Sous la présidence de notre confrère Pierre Chuit, le congrès de Genève, qui a lieu tous les deux ans (trois pour cette dernière édition en raison de l’année mondiale vétérinaire en 2011), est un rendez-vous fédérateur pour les praticiens, mais aussi pour d’autres professionnels. Le sujet phare, consacré au pied du cheval, a réuni des conférenciers de renom et suscité nombre de questions et de débats, via une approche à la fois pratique et en lien avec l’actualité.

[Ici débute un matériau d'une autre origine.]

(* As formal power series in $y$, \[ \sum_{n\ge0}H_n(x)y^n=\frac{2+y}{1-xy^2(1+y)}-(1-x)y-1, \] and the $(1,2,3)$-Padovan numbers satisfy \[ \sum_{n\ge0}p'_ny^n=\frac{1+2y+2y^2}{1-y^2-y^3}. \]
   Context: For $n\ge1$ let $\Xi_n$ be the poset on $\{x_1,\dots,x_n\}$ whose cover relations are exactly: $x_2\prec x_1$, $x_3\prec x_2$, and for $3\le i\le n-1$, $x_i\prec x_{i+1}$ if $i$ is odd and $x_{i+1}\prec x_i$ if $i$ is even (so $x_1>x_2>x_3<x_4>x_5<\cdots$). A filter of a poset is an up-closed subset. The matchable Lucas cube $\Omega_n$ is the graph whose vertices are the filters of $\Xi_n$, two filters adjacent iff one is obtained from the other by deleting a single element; $\Omega_0$ is the one-vertex graph. $h_{n,k}$ is the number of maximal induced $k$-dimensional hypercubes in $\Omega_n$ (induced $k$-cubes not contained in an induced $(k+1)$-cube), and $H_n(x)=\sum_{k\ge0}h_{n,k}x^k$ is the maximal cube polynomial. The $(1,2,3)$-Padovan numbers are $p'_0=1$, $p'_1=2$, $p'_2=3$, $p'_n=p'_{n-2}+p'_{n-3}$ for $n\ge3$. *)

From mathcomp Require Import all_boot all_order all_algebra.
Set Implicit Arguments. Unset Strict Implicit. Unset Printing Implicit Defensive.
Import GRing.Theory.

(* Element x_{i+1} of Xi_n is represented by i : 'I_n (0-indexed).
   [covers a b] means x_{a+1} is covered by x_{b+1}  (x_{a+1} < x_{b+1}).
   Covers: x2 < x1, x3 < x2, and for 3 <= i <= n-1 (1-indexed):
   x_i < x_{i+1} if i odd, x_{i+1} < x_i if i even.  With j = i-1 (0-indexed,
   2 <= j): j even gives covers j j+1, j odd gives covers j+1 j. *)
Definition covers (a b : nat) : bool :=
  [|| (a == 1) && (b == 0),
      (a == 2) && (b == 1),
      [&& 2 <= a, b == a.+1 & ~~ odd a]
    | [&& 2 <= b, a == b.+1 & odd b]].

Definition Xi_le (n : nat) (a b : 'I_n) : bool :=
  connect (fun u v : 'I_n => covers u v) a b.

Definition isFilter (n : nat) (F : {set 'I_n}) : bool :=
  [forall a : 'I_n, forall b : 'I_n, ((a \in F) && Xi_le a b) ==> (b \in F)].

(* vertices: filters of Xi_n; adjacency: one is the other minus one element *)
Definition Omega_adj (n : nat) (A B : {set 'I_n}) : bool :=
  [exists a : 'I_n, (a \in A) && (B == A :\ a)] ||
  [exists a : 'I_n, (a \in B) && (A == B :\ a)].

Definition cube_adj (k : nat) (u v : {ffun 'I_k -> bool}) : bool :=
  #|[set i | u i != v i]| == 1.

Definition isInducedCube (n k : nat) (S : {set {set 'I_n}}) : bool :=
  [forall A in S, isFilter A] &&
  [exists f : {ffun {ffun 'I_k -> bool} -> {set 'I_n}},
     [&& injectiveb f, S == [set f u | u : {ffun 'I_k -> bool}] &
         [forall u, forall v, Omega_adj (f u) (f v) == cube_adj u v]]].

Definition isMaximalCube (n k : nat) (S : {set {set 'I_n}}) : bool :=
  @isInducedCube n k S &&
  ~~ [exists T : {set {set 'I_n}}, @isInducedCube n k.+1 T && (S \subset T)].

Definition h (n k : nat) : nat := #|[set S : {set {set 'I_n}} | @isMaximalCube n k S]|.

Fixpoint padovan (n : nat) : nat :=
  match n with
  | 0 => 1
  | 1 => 2
  | 2 => 3
  | (S m as p).+2 => padovan p + padovan m
  end.

Definition fps := nat -> int.
Definition fps_const (c : int) : fps := fun n => if n == 0 then c else 0%R.
Definition fps_X : fps := fun n => if n == 1 then 1%R else 0%R.
Definition fps_add (f g : fps) : fps := fun n => (f n + g n)%R.
Definition fps_sub (f g : fps) : fps := fun n => (f n - g n)%R.
Definition fps_mul (f g : fps) : fps :=
  fun n => (\sum_(i < n.+1) f i * g (n - i)%N)%R.

(* bivariate formal power series in (y, x): f n k = coefficient of y^n x^k *)
Definition fps2 := nat -> nat -> int.
Definition fps2_const (c : int) : fps2 :=
  fun n k => if (n == 0) && (k == 0) then c else 0%R.
Definition fps2_Y : fps2 := fun n k => if (n == 1) && (k == 0) then 1%R else 0%R.
Definition fps2_X : fps2 := fun n k => if (n == 0) && (k == 1) then 1%R else 0%R.
Definition fps2_add (f g : fps2) : fps2 := fun n k => (f n k + g n k)%R.
Definition fps2_sub (f g : fps2) : fps2 := fun n k => (f n k - g n k)%R.
Definition fps2_mul (f g : fps2) : fps2 :=
  fun n k => (\sum_(i < n.+1) \sum_(j < k.+1) f i j * g (n - i)%N (k - j)%N)%R.

(* sum_{n>=0} H_n(x) y^n, with H_n(x) = sum_k h_{n,k} x^k *)
Definition Hser : fps2 := fun n k => ((h n k)%:Z)%R.
Definition Pser : fps := fun n => ((padovan n)%:Z)%R.

From mathcomp Require Import all_boot all_order all_algebra zify.
Set Implicit Arguments. Unset Strict Implicit. Unset Printing Implicit Defensive.

(* An induced k-cube of the graph of subsets of a finite set under one-element
   deletion is an interval [A, A + D] with |D| = k: opposite edges of a square
   carry the same element, so all edges in one direction of the cube do.  The
   cube lies in Omega_n iff A and every A + d (d in D) are filters, and it is
   maximal iff D is the set Add(A) of elements addable to A and every element
   removable from A covers an element of Add(A).  Hence h_{n,k} counts the
   filters of Xi_n with this property and |Add(A)| = k.  Along the zigzag Xi_n
   both conditions are local and, from the third element on, periodic of period
   2; a finite check on the last letters of the indicator word of A gives
   h_{n+5,k+1} = h_{n+3,k} + h_{n+2,k} and h_{n+5,0} = 0, which together with
   h_0, ..., h_4 is the first identity.  The second one is the recurrence of p'. *)

(** * Subcubes of the Boolean lattice *)

Section BooleanCubes.
Variable T : finType.
Implicit Types A D X Y Z W : {set T}.

Definition symdiff X Y : {set T} := [set x | (x \in X) (+) (x \in Y)].
(* If $\zeta'\le\zeta''$ (coordinatewise) are two configurations in $\{0,1\}^H$, then $\Delta^{\zeta''}\subset\Delta^{\zeta'}$. In particular, if for some $L>0$ and $\delta>0$ the configuration $\zeta'$ is $(L,\delta)$-good on $H$, then $\zeta''$ is also $(L,\delta)$-good on $H$.
   Context: Fix $\lambda>0$, $d\ge2$, $H=\{0,1\}^d\subset\mathbb{Z}^d$; for $x\in H$ let $\mathcal{N}_{H,x}$ be the set of nearest neighbours of $x$ lying in $H$. Each site carries independent Poisson processes of rate $1$ (down marks) and rate $\lambda$ (up marks), independent over sites; $\mathbb{P}$ is the underlying probability, and all processes below are built from the same marks. For $\zeta\in\{0,1\}^H$, the threshold $2$ contact process $(\eta^\zeta_{H;t})_{t\ge0}$ starts from $\zeta$; at a down mark at $x$ the spin becomes $0$; at an up mark at $x$ at time $t$ the spin becomes $1$ if at least $2$ sites of $\mathcal{N}_{H,x}$ are in state $1$ just before $t$. The independent flip process $(\pi^\zeta_{H;t})$ starts from $\zeta$ and sets the spin at $x$ to $0$ at each down mark and to $1$ at each up mark. $\Delta^\zeta=\bigcup_{t\in[0,d^2]}\{x\in H:\eta^\zeta_{H;t}(x)\ne\pi^\zeta_{H;t}(x)\}$. A set $S$ is $L$-thin in $H$ if $|S\cap\mathcal{N}_{H,x}|\le L$ for all $x\in H$; $\zeta$ is $(L,\delta)$-good on $H$ if $\mathbb{P}(\Delta^\zeta\text{ is }L\text{-thin in }H)\ge1-\delta$. *)

From HB Require Import structures.
From mathcomp Require Import all_boot all_order all_algebra.
From mathcomp Require Import all_classical all_reals all_analysis.
From mathcomp Require Import poisson_distribution.

Set Implicit Arguments.
Unset Strict Implicit.
Unset Printing Implicit Defensive.

Import Order.TTheory GRing.Theory Num.Theory.
Local Open Scope ring_scope.

(* The hypercube H = {0,1}^d, a site being the vector of its d coordinates. *)
Definition cube (d : nat) := {ffun 'I_d -> bool}.

(* y is a nearest neighbour of x in Z^d lying in H:
   x and y differ in exactly one coordinate. *)
Definition nbr (d : nat) (x y : cube d) : bool := #|[set i | x i != y i]| == 1%N.

Definition config (d : nat) := {ffun cube d -> bool}.

Definition config_le (d : nat) (z1 z2 : config d) : Prop := forall x, z1 x ==> z2 x.

(* A realisation of the marks on the time window [0, d^2]:
   marks x false = times of the down marks (rate 1) at x,
   marks x true  = times of the up marks (rate lambda) at x. *)
Definition markfam (R : realType) (d : nat) := cube d -> bool -> seq R.

Definition window (R : realType) (d : nat) : R := (d ^ 2)%:R.

Definition events (R : realType) (d : nat) (m : markfam R d) : seq (R * (cube d * bool)) :=
  flatten [seq [seq (t, xb) | t <- m xb.1 xb.2] | xb <- enum [set: (cube d * bool)%type]].

Definition events_upto (R : realType) (d : nat) (m : markfam R d) (t : R) :=
  sort (fun e1 e2 : R * (cube d * bool) => e1.1 <= e2.1)
       [seq e <- events m | e.1 <= t].

Definition setspin (d : nat) (eta : config d) (x : cube d) (b : bool) : config d :=
  [ffun y => if y == x then b else eta y].

(* threshold-2 contact process update at a mark, using the state just before *)
Definition thr_step (R : realType) (d : nat) (eta : config d) (e : R * (cube d * bool)) : config d :=
  let x := e.2.1 in
  if e.2.2 then
    (if (2 <= #|[set y | nbr x y & eta y]|)%N then setspin eta x true else eta)
  else setspin eta x false.

Definition ind_step (R : realType) (d : nat) (eta : config d) (e : R * (cube d * bool)) : config d :=
  setspin eta e.2.1 e.2.2.

Definition eta_proc (R : realType) (d : nat) (zeta : config d) (m : markfam R d) (t : R) : config d :=
  foldl (@thr_step R d) zeta (events_upto m t).

Definition pi_proc (R : realType) (d : nat) (zeta : config d) (m : markfam R d) (t : R) : config d :=
  foldl (@ind_step R d) zeta (events_upto m t).

Definition Delta (R : realType) (d : nat) (zeta : config d) (m : markfam R d) : {set cube d} :=
  [set x | `[< exists t : R, 0 <= t <= window R d /\
                             eta_proc zeta m t x != pi_proc zeta m t x >]].

Definition thin (d : nat) (L : nat) (S : {set cube d}) : Prop :=
  forall x : cube d, (#|[set y | nbr x y & y \in S]| <= L)%N.

Definition cnt (R : realType) (s : seq R) (a b : R) : nat :=
  count (fun t => (a <= t) && (t < b)) s.

Definition mrate (R : realType) (lambda : R) (up : bool) : R := if up then lambda else 1.

(* The random marks (restricted to [0, d^2]) are independent Poisson processes,
   of rate 1 (down marks) and rate lambda (up marks), independent over sites:
   the joint law of the counts in any finite family of intervals which are
   disjoint whenever they concern the same (site, type) is the product of
   Poisson laws with parameters rate * length. *)
Definition poisson_marks (R : realType) (dT : measure_display) (T : measurableType dT)
    (P : probability T R) (d : nat) (lambda : R) (marks : T -> markfam R d) : Prop :=
  (forall w x up, all (fun t => 0 <= t <= window R d) (marks w x up)) /\
  forall (n : nat) (site : 'I_n -> cube d) (typ : 'I_n -> bool) (a b : 'I_n -> R)
         (k : 'I_n -> nat),
    (forall i, 0 <= a i /\ a i < b i /\ b i <= window R d) ->
    (forall i j, i != j -> site i = site j -> typ i = typ j ->
                 b i <= a j \/ b j <= a i) ->
    measurable [set w | forall i, cnt (marks w (site i) (typ i)) (a i) (b i) = k i]%classic /\
    P [set w | forall i, cnt (marks w (site i) (typ i)) (a i) (b i) = k i]%classic
    = (\prod_(i < n) poisson_pmf (mrate lambda (typ i) * (b i - a i)) (k i))%:E.

Definition good (R : realType) (dT : measure_display) (T : measurableType dT)
    (P : probability T R) (d : nat) (marks : T -> markfam R d) (L : nat) (delta : R)
    (zeta : config d) : Prop :=
  ((1 - delta)%:E <= P [set w | thin L (Delta zeta (marks w))]%classic)%E.

From HB Require Import structures.
From mathcomp Require Import all_boot all_order all_algebra.
From mathcomp Require Import all_classical all_reals all_analysis.
From mathcomp Require Import poisson_distribution.
Import Order.TTheory GRing.Theory Num.Theory.
Local Open Scope ring_scope.

(* The threshold-2 dynamics is attractive and dominated by the
   independent flips, so eta' <= eta'' and eta <= pi along the common marks. A site that has
   received no mark keeps its initial spin in both processes (so eta = pi there), whereas after
   its first mark the independent flips started from zeta' and zeta'' agree there. Hence if
   eta'' x <> pi'' x then x has been marked, eta'' x = 0 < 1 = pi'' x = pi' x and eta' x = 0. *)

Section Coupling.
Variables (R : realType) (d : nat).
Implicit Types (eta pi z : config d) (e : R * (cube d * bool))
               (s : seq (R * (cube d * bool))) (x : cube d).

Definition marked_at x := [pred e : R * (cube d * bool) | e.2.1 == x].

Lemma setspin_le eta1 eta2 x b1 b2 :
  config_le eta1 eta2 -> b1 ==> b2 -> config_le (setspin eta1 x b1) (setspin eta2 x b2).
Proof. by move=> le12 b12 y; rewrite !ffunE; case: eqP. Qed.

Lemma thr_step_mono eta1 eta2 e :
  config_le eta1 eta2 -> config_le (thr_step eta1 e) (thr_step eta2 e).
Proof.
case: e => t [x [|]] le12; rewrite /thr_step /=; last exact: setspin_le.
have card_le : (#|[set y | nbr x y & eta1 y]| <= #|[set y | nbr x y & eta2 y]|)%N.
  apply/subset_leq_card/fintype.subsetP => y; rewrite !inE => /andP[-> /=].
  exact: implyP (le12 y).
case: ifP => [c1 | _]; first by rewrite (leq_trans c1 card_le); exact: setspin_le.
case: ifP => _ y; rewrite ?ffunE; last exact: le12 y.
by case: eqP => _; rewrite ?implybT ?le12.
Qed.

Lemma thr_step_le_ind_step eta pi e :
  config_le eta pi -> config_le (thr_step eta e) (ind_step pi e).
Proof.
case: e => t [x b] le_eta_pi; rewrite /thr_step /ind_step /=.
case: b; last exact: setspin_le.
by case: ifP => _ y; rewrite ?ffunE; case: eqP => _; rewrite ?implybT ?le_eta_pi.
Qed.

Lemma foldl_thr_step_mono s eta1 eta2 :
  config_le eta1 eta2 ->
  config_le (foldl (@thr_step R d) eta1 s) (foldl (@thr_step R d) eta2 s).
Proof. by elim: s eta1 eta2 => [|e s IH] //= eta1 eta2 /(thr_step_mono _ _ e)/IH. Qed.

Lemma foldl_thr_step_le_ind_step s eta pi :
  config_le eta pi ->
  config_le (foldl (@thr_step R d) eta s) (foldl (@ind_step R d) pi s).
Proof. by elim: s eta pi => [|e s IH] //= eta pi /(thr_step_le_ind_step _ _ e)/IH. Qed.

Lemma thr_step_unmarked eta e x : ~~ marked_at x e -> thr_step eta e x = eta x.
Proof.
case: e => t [y [|]]; rewrite /= /thr_step /setspin /= => nxy; last first.
  by rewrite ffunE eq_sym (negbTE nxy).
by case: ifP; rewrite // ffunE eq_sym (negbTE nxy).
Qed.

Lemma ind_step_unmarked pi e x : ~~ marked_at x e -> ind_step pi e x = pi x.
Proof. by case: e => t [y b]; rewrite /= /ind_step ffunE eq_sym => /negbTE ->. Qed.

Lemma foldl_thr_step_unmarked s eta x :
  ~~ has (marked_at x) s -> foldl (@thr_step R d) eta s x = eta x.
Proof.
elim: s eta => [|e s IH] //= eta; rewrite negb_or => /andP[ne ns].
by rewrite IH // thr_step_unmarked.
Qed.

Lemma foldl_ind_step_unmarked s pi x :
  ~~ has (marked_at x) s -> foldl (@ind_step R d) pi s x = pi x.
Proof.
elim: s pi => [|e s IH] //= pi; rewrite negb_or => /andP[ne ns].
by rewrite IH // ind_step_unmarked.
Qed.

Lemma ind_step_agree pi1 pi2 e x :
  pi1 x = pi2 x -> ind_step pi1 e x = ind_step pi2 e x.
Proof. by case: e => t [y b] eq12; rewrite /ind_step !ffunE; case: eqP. Qed.

Lemma foldl_ind_step_agree s pi1 pi2 x :
  pi1 x = pi2 x -> foldl (@ind_step R d) pi1 s x = foldl (@ind_step R d) pi2 s x.
Proof. by elim: s pi1 pi2 => [|e s IH] //= pi1 pi2 /(ind_step_agree _ _ e)/IH. Qed.

Lemma foldl_ind_step_marked s pi1 pi2 x :
  has (marked_at x) s -> foldl (@ind_step R d) pi1 s x = foldl (@ind_step R d) pi2 s x.
Proof.
elim: s pi1 pi2 => [|e s IH] //= pi1 pi2 /orP[/eqP exy | ms]; last exact: IH.
by apply: foldl_ind_step_agree; rewrite /ind_step !ffunE -exy eqxx.
Qed.

Lemma Delta_antitone z1 z2 (m : markfam R d) :
  config_le z1 z2 -> Delta z2 m \subset Delta z1 m.
Proof.
move=> le12; apply/fintype.subsetP => x; rewrite !inE => -[t [t_win diff2]].
exists t; split=> //; move: diff2.
rewrite /eta_proc /pi_proc; set s := events_upto m t.
have [ms | nms] := boolP (has (marked_at x) s); last first.
  by rewrite foldl_thr_step_unmarked // foldl_ind_step_unmarked // eqxx.
rewrite (foldl_ind_step_marked _ z1 z2 _ ms).
have := foldl_thr_step_mono s _ _ le12 x.
have := foldl_thr_step_le_ind_step s _ _ (fun y => implybb (z2 y)) x.
by case: (foldl (@thr_step R d) z1 s x); case: (foldl (@thr_step R d) z2 s x);
   case: (foldl (@ind_step R d) z2 s x).
Qed.

End Coupling.

Lemma thin_subset (d L : nat) (S1 S2 : {set cube d}) :
  S1 \subset S2 -> thin L S2 -> thin L S1.
Proof.
move=> sub12 thin2 x; apply: leq_trans (thin2 x); apply/subset_leq_card/fintype.subsetP => y.
by rewrite !inE => /andP[-> /(fintype.subsetP sub12)].
Qed.

Theorem lemma4p2 (R : realType) (dT : measure_display) (T : measurableType dT)
    (P : probability T R) (lambda : R) (d : nat)
    (marks : T -> markfam R d) :
  0 < lambda -> (2 <= d)%N ->
  poisson_marks P lambda marks ->
  (forall (zeta : config d) (L : nat),
      measurable [set w | thin L (Delta zeta (marks w))]%classic) ->
  forall zeta1 zeta2 : config d, config_le zeta1 zeta2 ->
  (forall w : T, Delta zeta2 (marks w) \subset Delta zeta1 (marks w)) /\
  (forall (L : nat) (delta : R), (0 < L)%N -> 0 < delta ->
      good P marks L delta zeta1 -> good P marks L delta zeta2).
Proof.
move=> _ _ _ thin_meas z1 z2 le12.
have sub w : Delta z2 (marks w) \subset Delta z1 (marks w) by exact: Delta_antitone.
split=> // L delta _ _ good1; apply: (le_trans good1).
apply: le_measure; rewrite ?inE ?thin_meas //.
by move=> w /=; exact: (@thin_subset _ _ _ _ (sub w)).
Qed.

Une table ronde sur le pied nu a conclu la dernière journée du congrès. En effet, ce sujet fait débat dans le milieu équin. « La ferrure est indispensable au cheval en compétition », estime le Pr Jean-Marie Denoix. Vidéo à l’appui, il a montré son utilité dans les virages, pour éviter au cheval de saut d’obstacles de glisser. En course de trot, la pratique du pied nu est plus fréquente, car elle est censée améliorer la performance. Toutefois, si le cheval est déferré trop souvent, « un échauffement et une abrasion totale de la sole surviennent ». Cela génère en outre une image négative en termes de bien-être animal sur le public des courses.
Autre avantage des pieds ferrés : la possibilité de corriger des défauts de conformation grâce aux fers orthopédiques. Xavier Méal, podologue et pédicure pour chevaux (un titre non reconnu en France), fait partie de ceux qui prônent plutôt les pieds nus et la préparation du “pied fort”, bien que le développement théorique de cette notion ait laissé circonspect plus d’un congressiste quant à sa pertinence scientifique. Le débat sur le pied nu reste ouvert, et les positions de certains dans la filière équine tiennent d’ailleurs plus du dogmatisme que de la démarche scientifique. Fleurissent également les “pareurs”, qui n’ont pas été formés à la maréchalerie. La réflexion mérite donc d’être poursuivie.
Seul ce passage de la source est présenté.